Marine snow is organic debris and fecal pellets that clump together to form millimeter-long flakes as they fall through the water column.
Photo Credit: ©Woods Hole Oceanographic Institution
Scientific Frontline: Extended "At a Glance" Summary: Marine Snow and the Biological Carbon Pump
The Core Concept: Marine snow is the continuous drift of organic debris—such as dead plankton and fecal pellets—from the ocean's surface down to the deep sea, serving as a primary mechanism for long-term carbon sequestration.
Key Distinction/Mechanism: Rather than sinking passively via gravity, these particles host microbial hitchhikers that actively dissolve calcium carbonate, the mineral acting as the particles' ballast. This localized chemical reshaping makes the particles lighter, causing them to break down at shallower depths and ultimately slowing the efficiency of the ocean's carbon sink.

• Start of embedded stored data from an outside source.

Lemma card_code : #|code| = (t * ((D - 2) * (D - 1) + 1))%N.
Proof.
rewrite cardsCs setCK card_imset ?card_Tvtx; last exact: outside_code_inj.
rewrite card_prod card_option !card_ord -mulnBr; congr (t * _)%N; nia.
Qed.

(* Since D >= 4, every star has two leaves besides [last_leaf] in the code;
   one of them separates the center of the star from any of its leaves. *)
Lemma leaf0_subproof : (0 < D - 1)%N. Proof. lia. Qed.
Lemma leaf1_subproof : (1 < D - 1)%N. Proof. lia. Qed.
Definition leaf0 : 'I_(D - 1) := Ordinal leaf0_subproof.
Definition leaf1 : 'I_(D - 1) := Ordinal leaf1_subproof.

Lemma leaf0_neq_last : leaf0 != last_leaf.
Proof. by apply/negP => /eqP /(congr1 val) /=; lia. Qed.

Lemma leaf1_neq_last : leaf1 != last_leaf.
Proof. by apply/negP => /eqP /(congr1 val) /=; lia. Qed.

Definition vtx_kind (v : V) : nat :=
  match v.2 with inl (inl _) => 0 | inl (inr _) => 1 | inr (inl _) => 2 | inr (inr _) => 3 end.

Lemma code_separates u v : u != v -> (vtx_kind u <= vtx_kind v)%N ->
  exists2 w, w \in code & (w \in N u) != (w \in N v).
Proof.
case: u => j [[[]|[]]|[k|[k l]]]; case: v => j' [[[]|[]]|[k'|[k' l']]] //= uv _;
  move: uv; vtx_simpl => uv.
- by exists (subdiv_vtx j); [rewrite in_code | nbhd_simpl; rewrite (eq_sym j') uv].
- by exists (center j' first_star); [rewrite in_code | nbhd_simpl].
- by exists (leaf j' k' leaf0); [rewrite in_code leaf0_neq_last | nbhd_simpl].
- by exists (subdiv_vtx j); [rewrite in_code | nbhd_simpl].
- by exists (subdiv_vtx j); [rewrite in_code | nbhd_simpl; rewrite uv].
- by exists (leaf j' k' leaf0); [rewrite in_code leaf0_neq_last | nbhd_simpl].
- by exists (subdiv_vtx j); [rewrite in_code | nbhd_simpl].
- by exists (leaf j k leaf0);
    [rewrite in_code leaf0_neq_last | nbhd_simpl; rewrite (eq_sym j') (eq_sym k') (negbTE uv)].
- exists (leaf j k (if l' == leaf0 then leaf1 else leaf0)).
    by rewrite in_code; case: ifP; rewrite ?leaf0_neq_last ?leaf1_neq_last.
  have other : (if l' == leaf0 then leaf1 else leaf0) != l'.
    by case: (eqVneq l' leaf0) => [-> | ]; rewrite // eq_sym.
  by nbhd_simpl; rewrite (negbTE other) !andbF.
- have [l_in | /negPn /eqP l_last] := boolP (l != last_leaf).
    by exists (leaf j k l); [rewrite in_code | nbhd_simpl; rewrite (negbTE uv)].
  have [l'_in | /negPn /eqP l'_last] := boolP (l' != last_leaf).
    by exists (leaf j' k' l');
      [rewrite in_code | nbhd_simpl; rewrite (eq_sym j') (eq_sym k') (eq_sym l') (negbTE uv)].
  move: uv; rewrite l_last l'_last eqxx andbT => uv.
  by exists (center j k); [rewrite in_code | nbhd_simpl; rewrite (negbTE uv)].
Qed.

Lemma code_is_idcode : is_idcode (@Tadj t D) code.
Proof.
apply/idcodeP; split.
  move=> v; apply/set0Pn; case: v => j [[[]|[]]|[k|[k l]]];
    [exists (subdiv_vtx j) | exists (subdiv_vtx j) | exists (center j k) | exists (center j k)];
    by rewrite in_setI in_code andbT; nbhd_simpl.
move=> u v /eqP; apply: contraTeq => uv.
wlog uv_kind : u v uv / (vtx_kind u <= vtx_kind v)%N.
  move=> sep; have [|/ltnW vu_kind] := leqP (vtx_kind u) (vtx_kind v); first exact: sep.
  by rewrite eq_sym sep // eq_sym.
have [w w_code w_sep] := code_separates uv uv_kind.
exact: separated_traces w_code w_sep.
Qed.

Lemma gammaID_tree : gammaID (@Tadj t D) = (t * ((D - 2) * (D - 1) + 1))%N.
Proof.
rewrite -card_code; apply: gammaID_min code_is_idcode _ => C C_id.
by rewrite card_code card_idcode_ge.
Qed.
End Tree.

Import GRing.Theory Num.Theory.
Local Open Scope ring_scope.

Section Ratio.
Variables (R : realFieldType) (d : R).
Hypothesis d_gt2 : 2 < d.

Let d2_gt0 : 0 < d - 2. Proof. by rewrite subr_gt0. Qed.
Let d_gt0 : 0 < d. Proof. by rewrite (lt_trans _ d_gt2). Qed.
Lemma ratio_denom_gt0 : 0 < d + (d - 2) * (d - 1). Proof. nra. Qed.

Lemma tree_ratioE :
  (d - 1 + 1 / (d - 2)) / (d + 2 / (d - 2)) =
  ((d - 2) * (d - 1) + 1) / (d + (d - 2) * (d - 1)).
Proof. by field; rewrite ?(gt_eqF d2_gt0) ?(gt_eqF ratio_denom_gt0). Qed.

Origin/History: The discovery of this microbial influence was published on March 11, 2026, in the Proceedings of the National Academy of Sciences by researchers from the Woods Hole Oceanographic Institution (WHOI), MIT, and Rutgers University. It solves a decades-old puzzle regarding why calcium carbonate dissolves in relatively shallow waters despite seemingly stable chemical conditions.

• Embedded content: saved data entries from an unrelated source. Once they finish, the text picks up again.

(* A gap k > nu is split by the polygon x_n, ..., x_(n+nu), x_(n+k), whose
   last side is the image under T^nu of the shorter gap k - nu. *)
Lemma orbit_tail_bound (eps delta : R) (N : nat) :
  eps > 0 -> delta > 0 ->
  (forall u v, d u v < delta + eps -> d (T u) (T v) <= eps) ->
  (forall k n, (1 <= k <= nu)%nat -> (n >= N)%nat ->
     d (x n) (x (n + k)) < delta / INR nu) ->
  forall k n, (1 <= k)%nat -> (n >= N)%nat -> d (x n) (x (n + k)) < delta + eps.
Proof.
  intros Heps Hdelta Hcm Hgaps.
  assert (Hnu : 1 <= INR nu) by (apply (le_INR 1); exact nu_ge1).
  assert (Hmul : INR nu * (delta / INR nu) = delta) by (field; lra).
  induction k as [k IH] using lt_wf_ind. intros n Hk Hn.
  destruct (Compare_dec.le_lt_dec k nu) as [Hle|Hgt].
  - specialize (Hgaps k n ltac:(lia) Hn). nra.
  - assert (Hfar : d (x (n + nu)) (x (n + k)) <= eps).
    { assert (H := orbit_cm_iterate eps delta n (n + (k - nu)) Hdelta Hcm
                     (IH (k - nu)%nat ltac:(lia) n ltac:(lia) Hn) (nu - 1)).
      replace (S (nu - 1) + n)%nat with (n + nu)%nat in H by lia.
      replace (S (nu - 1) + (n + (k - nu)))%nat with (n + k)%nat in H by lia.
      exact H. }
    assert (Hsum : rsum nu (fun i => d (x (n + i)) (x (n + S i))) < INR nu * (delta / INR nu)).
    { apply rsum_lt; [exact nu_ge1|]. intros i Hi.
      replace (n + S i)%nat with (n + i + 1)%nat by lia. apply Hgaps; lia. }
    assert (Hpoly := orbit_polygon n k Hgt).
    lra.
Qed.

Lemma orbit_cauchy : gm_cauchy d x.
Proof.
  intros eps Heps. destruct (proj2 contraction eps Heps) as [delta [Hdelta Hcm]].
  assert (Hnu : 0 < INR nu) by (apply (lt_INR 0); exact nu_ge1).
  destruct (orbit_gaps_vanish (delta / INR nu) nu) as [N HN];
    [apply Rdiv_lt_0_compat; lra|].
  exists (S N). intros [|n] m Hn; [lia|].
  replace (S n + 1 + m)%nat with (S (n + (1 + m))) by lia.
  rewrite !orbit_succ. apply Hcm, (orbit_tail_bound eps delta N); auto; lia.
Qed.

Major Frameworks/Components:
- Biological Carbon Pump: The natural oceanic system that transfers carbon from atmospheric absorption at the surface into deep-sea storage.
- Calcium Carbonate Ballasting: The physical mechanism by which heavy minerals add weight to organic fragments, propelling them toward the ocean floor.
- Microbial Microenvironments: The localized chemical alterations driven by bacteria living directly on sinking particles, which override broader oceanic chemical conditions.
Branch of Science: Marine Geochemistry, Oceanography, and Marine Microbiology.
Future Application: These findings will be utilized to refine climate models, allowing scientists to more accurately predict how the ocean's carbon and alkalinity cycles will respond to ongoing and future environmental changes.
Why It Matters: Marine snow transports billions of tons of carbon to the deep ocean annually. Understanding the precise biological and chemical interactions that dictate its sinking behavior is crucial for evaluating the ocean's overall capacity to store carbon and regulate the global climate.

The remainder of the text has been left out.